第2話:距離感のバグと、相棒の定義
通学方法は日によって違う。
ジウンの実家がある泉佐野から大学のある北摂エリアまではかなりの距離がある。電車だと乗り換えが多くて「だるい」遠距離通学も、愛車**Kawasaki ZX-6R(2020年式 KRTエディション)**に跨れば、阪神高速を駆け抜ける爽快なツーリングへと変わる。
エンジンの熱を感じながら大学の駐輪場に滑り込むと、腹に響く重低音と共に一台の青い影が現れた。
機械工学科の3回生であり、ジウンの姉、ソヨンだ。
彼女の愛車はYAMAHA YZF-R1(2024年式 ディープパープリッシュブルーメタリック)。クロスプレーンエンジンの独特な不等間隔燃焼サウンドを響かせ、ジウンの隣に手慣れた様子で停車する。
「お、ジウンちゃん。今日はバイクなん?」
ヘルメットを脱ぎ、ふわりと髪をほどきながらソヨンが穏やかな北摂弁で笑いかけた。
対するジウンは、K-POPアイドルのような美貌から、コテコテの泉州弁を放つ。
「お、オ姉やん。せやねん、電車乗り換えんのほんまメンドくてなぁ。一気に走ったほうがラクやし」
「ふふ、相変わらず運転好きやねえ。気ぃつけて乗りや」
「オ姉も実験?」
「うん、今日は長引きそうやから。帰りの足確保しとかんとね」
排気量もメーカーも違うが、並んだ2台のスーパースポーツと、ヘルメットを抱えたK-POP系美女姉妹の姿は、無機質な駐輪場でも一際目を引く。
***
場所を移して、学食のカフェテリア。
ソヨンと向かい合ってランチとお茶を楽しんでいると、トレーを持った男子学生が、さも「ここが俺の指定席」と言わんばかりにジウンの隣に座った。
「よう、ジウン。
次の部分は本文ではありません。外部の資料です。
(* Let $0<\delta<\frac12$, $n\ge1$, let $\mathbf{y}=(y_1,\dots,y_{n-1})\in D_n$ and $\varphi=(\varphi_1,\dots,\varphi_n)\in E_\delta^n$. Then there is a unique $\mathbf{x}=(x_1,\dots,x_{n-1})\in D_n$ for which there exists a function $\bar\varphi\in E_\delta$ whose restriction to $[x_{i-1},x_i]$ equals $(\varphi_i;[x_{i-1},x_i],[y_{i-1},y_i])$ for each $i$ with $1\le i\le n$ (with the conventions $x_0=y_0=0$, $x_n=y_n=1$).
   Context: $I=[0,1]$. $E_\delta=\mathrm{Diff}_+^{1,\delta}(I)$ is the set of $C^1$ diffeomorphisms $f$ of $I$ fixing $0$ and $1$ whose derivative $f'$ is Hölder continuous of exponent $\delta$; $E_\delta^n$ is its $n$-fold Cartesian product. $D_n=\{(x_1,\dots,x_{n-1}):0<x_1<\cdots<x_{n-1}<1\}$. For $\varphi\in E_\delta$ and closed intervals $J,K\subset\mathbb{R}$ with nonempty interior, where $J$ has left endpoint $x$ and length $j$ and $K$ has left endpoint $y$ and length $k$, the affine distortion $(\varphi;J,K):J\to K$ is $t\mapsto y+k\,\varphi\!\left(\frac{t-x}{j}\right)$. *)

From Stdlib Require Import Reals Lra Lia Arith.
Open Scope R_scope.

Definition inI (x : R) : Prop := 0 <= x <= 1.

Definition deriv_on_I (f d : R -> R) : Prop :=
  forall x, inI x -> forall eps, 0 < eps -> exists del, 0 < del /\
    forall y, inI y -> y <> x -> Rabs (y - x) < del ->
      Rabs ((f y - f x) / (y - x) - d x) < eps.

Definition cont_on_I (g : R -> R) : Prop :=
  forall x, inI x -> forall eps, 0 < eps -> exists del, 0 < del /\
    forall y, inI y -> Rabs (y - x) < del -> Rabs (g y - g x) < eps.

Definition C1_on_I (f : R -> R) : Prop :=
  exists d, deriv_on_I f d /\ cont_on_I d.

(* C^1 diffeomorphism of I fixing 0 and 1 (hence orientation preserving):
   f maps I to I bijectively, with C^1 inverse g. *)
Definition Diff1_plus (f : R -> R) : Prop :=
  f 0 = 0 /\ f 1 = 1 /\ C1_on_I f /\
  exists g : R -> R,
    (forall x, inI x -> inI (f x) /\ g (f x) = x) /\
    (forall y, inI y -> inI (g y) /\ f (g y) = y) /\
    C1_on_I g.

Definition E_delta (delta : R) (f : R -> R) : Prop :=
  Diff1_plus f /\
  exists d, deriv_on_I f d /\
    exists C : R, forall x y, inI x -> inI y -> x <> y ->
      Rabs (d x - d y) <= C * Rpower (Rabs (x - y)) delta.

(* A point (x_1,...,x_{n-1}) is encoded by x : nat -> R (only indices
   1..n-1 matter); ext n x adds the conventions x_0 = 0, x_n = 1. *)
Definition ext (n : nat) (x : nat -> R) (i : nat) : R :=
  if Nat.eqb i 0 then 0 else if Nat.eqb i n then 1 else x i.

Definition inD (n : nat) (x : nat -> R) : Prop :=
  forall i, (i < n)%nat -> ext n x i < ext n x (S i).

(* Affine distortion (phi; J, K) with J = [xl, xl + j], K = [yl, yl + k]. *)
Definition aff_dist (phi : R -> R) (xl j yl k : R) (t : R) : R :=
  yl + k * phi ((t - xl) / j).

Definition glues (n : nat) (phi : nat -> R -> R) (x y : nat -> R)
  (phibar : R -> R) : Prop :=
  forall i, (1 <= i <= n)%nat ->
    forall t, ext n x (i - 1) <= t <= ext n x i ->
      phibar t = aff_dist (phi i) (ext n x (i - 1)) (ext n x i - ext n x (i - 1))
                          (ext n y (i - 1)) (ext n y i - ext n y (i - 1)) t.

(* Gluing affine copies of [phi_i] along [x] gives a C^1 map exactly when the one-sided
   derivatives agree at every node:
     (y_i - y_(i-1)) / (x_i - x_(i-1)) * phi_i'(1) = (y_(i+1) - y_i) / (x_(i+1) - x_i) * phi_(i+1)'(0).
   As [phi_i'(0)] and [phi_i'(1)] are positive, this prescribes the ratio of each length
   [x_(i+1) - x_i] to the previous one, and the normalisation [x_n = 1] then determines [x].
   Conversely, for these lengths the glued map is a C^1 diffeomorphism: its inverse glues
   the inverse pieces, whose slopes at the nodes are the reciprocals; and its derivative,
   being delta-Hoelder on each of the finitely many pieces, is delta-Hoelder on [I]. *)

From Stdlib Require Import Reals Lra Lia Arith IndefiniteDescription.
Open Scope R_scope.

(** * Limits relative to an interval *)

Definition near_within (a b : R) (P : R -> R -> R -> Prop) : Prop :=
  forall x, a <= x <= b -> forall eps, 0 < eps -> exists del, 0 < del /\
    forall y, a <= y <= b -> Rabs (y - x) < del -> P eps x y.

Definition deriv_within (a b : R) (f d : R -> R) : Prop :=
  near_within a b (fun eps x y => y <> x -> Rabs ((f y - f x) / (y - x) - d x) < eps).

Definition cont_within (a b : R) (g : R -> R) : Prop :=
  near_within a b (fun eps x y => Rabs (g y - g x) < eps).

Lemma deriv_on_I_within (f d : R -> R) : deriv_on_I f d <-> deriv_within 0 1 f d.
Proof.
  split; intros H x Hx eps Heps; destruct (H x Hx eps Heps) as [del [Hdel Hy]];
    exists del; split; auto.
Qed.

Lemma cont_on_I_within (g : R -> R) : cont_on_I g <-> cont_within 0 1 g.
Proof.
  split; intros H x Hx eps Heps; destruct (H x Hx eps Heps) as [del [Hdel Hy]];
    exists del; split; auto.
Qed.

Lemma near_within_impl_scaled (a b K : R) (P Q : R -> R -> R -> Prop) : 0 < K ->
  (forall eps x y, 0 < eps -> a <= x <= b -> a <= y <= b -> P (eps / K) x y -> Q eps x y) ->
  near_within a b P -> near_within a b Q.
Proof.
  intros HK HPQ HP x Hx eps Heps.
  assert (HeK : 0 < eps / K) by (apply Rdiv_lt_0_compat; assumption).
  destruct (HP x Hx (eps / K) HeK) as [del [Hdel Hy]].
  exists del; split; auto.
Qed.

Lemma near_within_impl (a b : R) (P Q : R -> R -> R -> Prop) :
  (forall eps x y, a <= x <= b -> a <= y <= b -> P eps x y -> Q eps x y) ->
  near_within a b P -> near_within a b Q.
Proof.
  intros HPQ. apply near_within_impl_scaled with (K := 1); [lra|].
  intros eps x y _ Hx Hy. rewrite Rdiv_1_r. auto.
Qed.

Lemma near_within_sub (a b a' b' : R) (P : R -> R -> R -> Prop) :
  a <= a' -> b' <= b -> near_within a b P -> near_within a' b' P.
Proof.
  intros Ha Hb HP x Hx eps Heps.
  destruct (HP x ltac:(lra) eps Heps) as [del [Hdel Hy]].
  exists del; split; auto. intros y Hy'. apply Hy. lra.
Qed.

(* No order between a, b, c is needed: a point of [a,c] lies on one side of b. *)
Lemma near_within_concat (a b c : R) (P : R -> R -> R -> Prop) :
  near_within a b P -> near_within b c P -> near_within a c P.
Proof.
  intros H1 H2 x Hx eps Heps.
  destruct (Rtotal_order x b) as [Hxb | [Hxb | Hxb]].
  - destruct (H1 x ltac:(lra) eps Heps) as [del [Hdel Hy]].
    exists (Rmin del (b - x)); split; [apply Rmin_glb_lt; lra|].
    intros y Hy' Hyx. pose proof (Rmin_l del (b - x)). pose proof (Rmin_r del (b - x)).
    apply Rabs_def2 in Hyx. apply Hy; [lra|]. apply Rabs_def1; lra.
  - subst x.
    destruct (H1 b ltac:(lra) eps Heps) as [del1 [Hdel1 Hy1]].
    destruct (H2 b ltac:(lra) eps Heps) as [del2 [Hdel2 Hy2]].
    exists (Rmin del1 del2); split; [apply Rmin_glb_lt; lra|].
    intros y Hy Hyx. pose proof (Rmin_l del1 del2). pose proof (Rmin_r del1 del2).
    destruct (Rle_or_lt y b); [apply Hy1 | apply Hy2]; lra.
  - destruct (H2 x ltac:(lra) eps Heps) as [del [Hdel Hy]].
    exists (Rmin del (x - b)); split; [apply Rmin_glb_lt; lra|].
    intros y Hy' Hyx. pose proof (Rmin_l del (x - b)). pose proof (Rmin_r del (x - b)).
    apply Rabs_def2 in Hyx. apply Hy; [lra|]. apply Rabs_def1; lra.
Qed.

Lemma affine_unit_interval (a a' t : R) : a < a' -> a <= t <= a' ->
  0 <= (t - a) / (a' - a) <= 1.
Proof.
  intros Ha Ht. assert (Hinv : 0 < / (a' - a)) by (apply Rinv_0_lt_compat; lra).
  unfold Rdiv. split.
  - apply Rmult_le_pos; lra.
  - rewrite <- (Rinv_r (a' - a)) by lra. apply Rmult_le_compat_r; lra.
Qed.

Lemma Rabs_affine_diff (a j x y : R) : 0 < j ->
  Rabs ((y - a) / j - (x - a) / j) = Rabs (y - x) / j.
Proof.
  intros Hj. replace ((y - a) / j - (x - a) / j) with ((y - x) * / j) by (field; lra).
  rewrite Rabs_mult, Rabs_inv, (Rabs_right j) by lra. reflexivity.
Qed.

Lemma near_within_affine (a a' : R) (P : R -> R -> R -> Prop) : a < a' ->
  near_within 0 1 P ->
  near_within a a' (fun eps x y => P eps ((x - a) / (a' - a)) ((y - a) / (a' - a))).
Proof.
  intros Ha HP x Hx eps Heps.
  destruct (HP _ (affine_unit_interval a a' x Ha Hx) eps Heps) as [del [Hdel Hy]].
  exists (del * (a' - a)); split; [apply Rmult_lt_0_compat; lra|].
  intros y Hy' Hyx. apply Hy; [apply affine_unit_interval; auto|].
  rewrite Rabs_affine_diff by lra.
  apply Rmult_lt_reg_r with (a' - a); [lra|]. unfold Rdiv. rewrite Rmult_assoc, Rinv_l; lra.
Qed.

Lemma exists_near_point (a b x del : R) : a < b -> a <= x <= b -> 0 < del ->
  exists y, a <= y <= b /\ y <> x /\ Rabs (y - x) < del.
Proof.
  intros Hab Hx Hdel. set (h := Rmin del (b - a) / 2).
  assert (Hh : 0 < h /\ 2 * h <= del /\ 2 * h <= b - a).
  { pose proof (Rmin_l del (b - a)). pose proof (Rmin_r del (b - a)).
    assert (0 < Rmin del (b - a)) by (apply Rmin_glb_lt; lra). unfold h. lra. }
  destruct (Rle_or_lt (x + h) b).
  - exists (x + h). repeat split; try lra. rewrite Rabs_right; lra.
  - exists (x - h). repeat split; try lra. rewrite Rabs_left; lra.
Qed.

Lemma eq0_of_Rabs_le_eps (z K : R) : (forall e, 0 < e -> Rabs z <= e * K) -> z = 0.
Proof.
  intros H. destruct (Req_dec z 0) as [|Hz]; auto. exfalso.
  pose proof (Rabs_pos_lt z Hz). pose proof (Rle_abs K).
  set (e := Rabs z / (2 * (Rabs K + 1))).
  assert (He : 0 < e) by (apply Rdiv_lt_0_compat; pose proof (Rabs_pos K); lra).
  assert (HeK : e * (Rabs K + 1) = Rabs z / 2) by (unfold e; field; pose proof (Rabs_pos K); lra).
  specialize (H e He). nra.
Qed.

Lemma deriv_within_unique (a b : R) (f d1 d2 : R -> R) : a < b ->
  deriv_within a b f d1 -> deriv_within a b f d2 -> forall x, a <= x <= b -> d1 x = d2 x.
Proof.
  intros Hab H1 H2 x Hx. apply Rminus_diag_uniq, (eq0_of_Rabs_le_eps _ 2). intros e He.
  destruct (H1 x Hx e He) as [del1 [Hdel1 Hy1]].
  destruct (H2 x Hx e He) as [del2 [Hdel2 Hy2]].
  destruct (exists_near_point a b x (Rmin del1 del2)) as [y [Hy [Hyx Hyd]]]; auto.
  { apply Rmin_glb_lt; auto. }
  pose proof (Rmin_l del1 del2). pose proof (Rmin_r del1 del2).
  specialize (Hy1 y Hy ltac:(lra) Hyx). specialize (Hy2 y Hy ltac:(lra) Hyx).
  set (Q := (f y - f x) / (y - x)) in *.
  replace (d1 x - d2 x) with ((Q - d2 x) - (Q - d1 x)) by ring.
  eapply Rle_trans; [apply Rabs_triang|]. rewrite Rabs_Ropp. lra.
Qed.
……お前、また俺のパーカー着てきたんか」
「あ、ヨースケ! 昨日の夜、アンタの家で借りパクしたままやったわ。ええやろ、これ気に入ってんねん」
「ええけどさぁ……。俺も今、ジウンのそのシャツ着てるし。まあ、おあいこか」
ヨースケはバイクには乗らない。ごく普通の男子学生だ。しかし、ジウンにとっては**「一番の親友」であり、代わりのいない「相棒」だ。
二人の身長はほぼ同じ170cm。そのため、こうして服を貸し借り(主にジウンによる徴収)することも日常茶飯事だった。
ジウンの実家は遠いため、大学近くのヨースケの部屋は事実上の「ジウンの別荘」**と化しているのだ。
「ほら、口開けろ。新作のプリン、食いたい言うてたやろ?」
ヨースケが自分のデザートをスプーンですくい、自然な動作でジウンの口元へ差し出す。
「え、マジ!? さすがヨースケ、仕事早いやんけ! あーん」
パクり。ジウンは何の躊躇もなくそれを口に含み、とろけるように頬を緩める。
「んんーっ、バリうま! ヨースケ、天才ちゃうか!」
「はいはい、買うてきたん俺やけど作ったんはコンビニやからな」
端から見れば、完全に**「同棲中のラブラブなバカップル」**そのものだ。
ソヨンは呆れたようにコーヒーを啜る。周囲の学生たちも「はいはい、またやってるよ」という生温かい目で見ている。
だが、現実は小説よりも奇なり。
実はこの物語が始まる前、ヨースケはジウンに過去2回告白し、そして2回ともきっぱりと振られているのだ。
「ごめん、ヨースケは友達として最高やねん!」
その言葉で撃沈しつつも、ヨースケは気まずくなるどころか、こうして「一番の親友ポジション」という名の**「執事兼保護者」**に居座り続けている。
ジウンのために親のアルファードを出して買い物の運転手をし、部屋を貸し、飯を作り、誰よりも近くにいる。
恋人未満、親友以上。いや、親友という名の何か別のカテゴリー。
「……ほんと、あんたたちのその距離感、バグってるわ」
ソヨンの上品なツッコミは、二人の楽しげな笑い声にかき消された。